The other day I was thinking about graphs that have degree sequence 1,3,3,3,... such graphs can't be bipartite, so I was wondering whether it is possible for such a graph to have no even cycle. It turns out that graphs with no even cycle have at most (3n-3)/2 edges (I think), whereas my graphs have exactly (3n-2)/2 edges!

Easy proof: A graph with no even cycle must be a cactus, or else by ear decomposition of blocks it would have a theta (three disjoint paths between two endpoints), and two of the three paths would form an even cycle. Cactuses are formed from one vertex by repeatedly gluing new cycles or edges at one vertex. The one-vertex graph obeys your formula, each glued edge adds one vertex and edge, and each cycle adds one more edge than vertices, so the bound on edges follows by induction.
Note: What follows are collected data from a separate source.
(* Let $M\in\mathrm{rep}\,G_{m,n}$ be interval-decomposable and $I\in\mathbb{I}_{m,n}$. Then for each $\ast\in\{ss,cc,tot\}$, $$\bar d^\ast_M(I)=\sum_{J\in U(I)} d_M(V_J).$$
   Context: Fix a field $K$. For integers $m,n\ge1$, $G_{m,n}$ is the equioriented commutative $m\times n$ grid: the quiver with vertex set $\{(i,j):1\le i\le m,\ 1\le j\le n\}$ and arrows $(i,j)\to(i,j+1)$ and $(i,j)\to(i+1,j)$, bound by all commutativity relations; $\mathrm{rep}\,G_{m,n}$ is its category of finite-dimensional representations over $K$ satisfying the relations. For an indecomposable $L$, $d_M(L)$ is the multiplicity of $L$ in a Krull–Schmidt decomposition of $M$. An interval of $G_{m,n}$ is a nonempty full subquiver $I$ which is connected (as an undirected graph) and convex (whenever $x,y\in I_0$ and there are paths $x\to z$, $z\to y$ in $G_{m,n}$, then $z\in I_0$); $\mathbb{I}_{m,n}$ is the set of intervals ordered by inclusion of vertex sets, and $U(I)=\{J\in\mathbb{I}_{m,n}:I\le J\}$. The interval representation $V_I$ has $K$ at vertices of $I$, $0$ elsewhere, identity maps on arrows inside $I$ and zero maps otherwise; $M$ is interval-decomposable if it is isomorphic to a direct sum of interval representations. Essential vertices: $I^{ss}_0$ is the set of sources and sinks of the quiver $I$; $I^{cc}_0=I_0\cap(\mathrm{pr}_1(I^{ss}_0)\times\mathrm{pr}_2(I^{ss}_0))$ with $\mathrm{pr}_1,\mathrm{pr}_2$ coordinate projections; $I^{tot}_0=I_0$. Let $KG_{m,n}$ be the $K$-linear category whose objects are the vertices and whose morphisms are $K$-linear combinations of paths modulo the commutativity relations; representations are $K$-linear functors $KG_{m,n}\to\mathrm{vect}_K$. For $\ast\in\{ss,cc,tot\}$, $\mathcal{C}^\ast_I$ is the full subcategory of $KG_{m,n}$ on $I^\ast_0$, and $M^\ast_I:=M|_{\mathcal{C}^\ast_I}$. The compressed multiplicity $\bar d^\ast_M(I)$ is the multiplicity of the indecomposable $(V_I)^\ast_I$ as a direct summand of $M^\ast_I$. *)

From HB Require Import structures.
From mathcomp Require Import all_boot all_order all_algebra.
Set Implicit Arguments. Unset Strict Implicit. Unset Printing Implicit Defensive.
Import GRing.Theory.
Local Open Scope ring_scope.

Section Grid.
Variables (K : fieldType) (m n : nat).

(* vertices of G_{m,n}, 0-indexed: (i,j) with i < m, j < n *)
Definition vtx := ('I_m * 'I_n)%type.

Definition gle (x y : vtx) : bool := ((x.1 <= y.1)%N && (x.2 <= y.2)%N).

Definition garrow (x y : vtx) : bool :=
  ((x.1 == y.1 :> nat) && (x.2.+1 == y.2 :> nat)) ||
  ((x.1.+1 == y.1 :> nat) && (x.2 == y.2 :> nat)).

Definition adjI (I : {set vtx}) : rel vtx :=
  fun x y => [&& x \in I, y \in I & garrow x y || garrow y x].

Definition is_interval (I : {set vtx}) : bool :=
  [&& I != set0,
      [forall x in I, forall y in I, connect (adjI I) x y] &
      [forall x in I, forall y in I, forall z,
          (gle x z && gle z y) ==> (z \in I)]].

Definition is_source (I : {set vtx}) (x : vtx) : bool :=
  (x \in I) && [forall y in I, ~~ garrow y x].
Definition is_sink (I : {set vtx}) (x : vtx) : bool :=
  (x \in I) && [forall y in I, ~~ garrow x y].
Definition ss_set (I : {set vtx}) : {set vtx} :=
  [set x | is_source I x || is_sink I x].
Definition cc_set (I : {set vtx}) : {set vtx} :=
  [set x in I | (x.1 \in [set y.1 | y in ss_set I]) &&
                (x.2 \in [set y.2 | y in ss_set I])].

Inductive ess := SS | CC | TOT.
Definition ess_set (e : ess) (I : {set vtx}) : {set vtx} :=
  match e with SS => ss_set I | CC => cc_set I | TOT => I end.

(* Data of a representation of (a full subcategory of) K G_{m,n}:
   a space K^(pdim x) at each vertex and a matrix pmap x y for the
   (unique up to scalar) morphism x -> y; row-vector convention
   (v |-> v *m pmap x y). Only the data at vertices of S and for x <= y
   is relevant for a representation on the full subcategory on S. *)
Record prep := PRep {
  pdim : vtx -> nat;
  pmap : forall x y : vtx, 'M[K]_(pdim x, pdim y) }.

Definition is_rep (S : {set vtx}) (M : prep) : Prop :=
  (forall x, x \in S -> pmap M x x = 1%:M) /\
  (forall x y z, x \in S -> y \in S -> z \in S -> gle x y -> gle y z ->
     pmap M x y *m pmap M y z = pmap M x z).

(* The restriction M|_{C_S} has the same data, read on S only. *)
Definition restrict (S : {set vtx}) (M : prep) : prep := M.

Definition iso (S : {set vtx}) (A B : prep) : Prop :=
  exists (phi : forall x, 'M[K]_(pdim A x, pdim B x))
         (psi : forall x, 'M[K]_(pdim B x, pdim A x)),
    (forall x, x \in S -> phi x *m psi x = 1%:M /\ psi x *m phi x = 1%:M) /\
    (forall x y, x \in S -> y \in S -> gle x y ->
       pmap A x y *m phi y = phi x *m pmap B x y).

(* M is (isomorphic to) the direct sum of the family N, expressed as a
   biproduct: injections/projections, natural, with the biproduct identities *)
Definition dsum (S : {set vtx}) (M : prep) (Ix : finType) (N : Ix -> prep)
  : Prop :=
  exists (inj : forall t x, 'M[K]_(pdim (N t) x, pdim M x))
         (prj : forall t x, 'M[K]_(pdim M x, pdim (N t) x)),
    (forall x, x \in S -> \sum_t prj t x *m inj t x = 1%:M) /\
    (forall x t, x \in S -> inj t x *m prj t x = 1%:M) /\
    (forall x t s, x \in S -> t != s -> inj t x *m prj s x = 0) /\
    (forall x y t, x \in S -> y \in S -> gle x y ->
       inj t x *m pmap M x y = pmap (N t) x y *m inj t y) /\
    (forall x y t, x \in S -> y \in S -> gle x y ->
       pmap M x y *m prj t y = prj t x *m pmap (N t) x y).

Definition is_zero (S : {set vtx}) (A : prep) : Prop :=
  forall x, x \in S -> pdim A x = 0%N.

Definition indecomposable (S : {set vtx}) (L : prep) : Prop :=
  is_rep S L /\ ~ is_zero S L /\
  forall A B : prep, is_rep S A -> is_rep S B ->
    dsum S L (fun b : bool => if b then A else B) ->
    is_zero S A \/ is_zero S B.

Definition KS_decomp (S : {set vtx}) (M : prep) (Ix : finType)
  (N : Ix -> prep) : Prop :=
  (forall t, indecomposable S (N t)) /\ dsum S M N.

Definition Vrep (I : {set vtx}) : prep :=
  @PRep (fun x => nat_of_bool (x \in I))
        (fun x y => const_mx (if [&& x \in I, y \in I & gle x y]
                              then 1 else 0)).

Definition interval_decomposable (M : prep) : Prop :=
  exists (Ix : finType) (J : Ix -> {set vtx}),
    (forall t, is_interval (J t)) /\ dsum setT M (fun t => Vrep (J t)).

End Grid.

From HB Require Import structures.
From mathcomp Require Import all_boot all_order all_algebra.
From mathcomp Require Import boolp zify.

(* Fix Q within S and x0 in Q, and let mult_V S Q x0 M be the largest k such that,
   on the full subcategory on S, some pair of morphisms V_Q^k -> M -> V_Q^k composes
   to the identity at x0.  This number is additive on direct sums: the identity of
   K^k then splits into maps factoring through the summands, and ranks are
   subadditive; conversely split copies found in distinct summands stack up.  When
   Q is convex in S and connected there by comparable pairs, the composite is the
   identity at every vertex of Q, so V_Q^k is a direct summand; on an indecomposable
   module the number is therefore 1 or 0 according to whether it is isomorphic to V_Q.

   With S = I^* and Q = I it counts the summands of M^*_I isomorphic to (V_I)^*_I.
   Computed instead on the interval summands V_J of M (and every Krull-Schmidt
   summand of M is one), V_J contributes exactly when I is contained in J, because
   an interval is the convex hull of its sources and sinks, all of which lie in I^*. *)

Set Implicit Arguments.
Unset Strict Implicit.
Unset Printing Implicit Defensive.

Import GRing.Theory.
Local Open Scope ring_scope.

Lemma mxrank_sum_le (K : fieldType) (I : finType) p q (f : I -> 'M[K]_(p, q)) :
  (\rank (\sum_i f i)%R <= \sum_i \rank (f i))%N.
Proof.
elim/big_ind2: _ => [|A1 k1 A2 k2 le1 le2|//]; first by rewrite mxrank0.
exact: leq_trans (mxrank_add _ _) (leq_add le1 le2).
Qed.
@11011110 oh that's great! The proof I had in mind (I think I saw it on MO) had to do with spanning trees I think... for contradiction assume you can put more than (n-1)/2 edges back in.But each edge is in exactly one cycle (else a theta) and if that cycle is C₅ then it might as well be two C₃'s (maybe assume maximum counter example). But each triangle uses up two tree edges, so there can be at most (n-1)/2 of them... (I think)

@11011110 probably SE not MO I guess as it's an exercise really.

I like your proof better especially as it hadn't occurred to me that such a graph should be a cactus!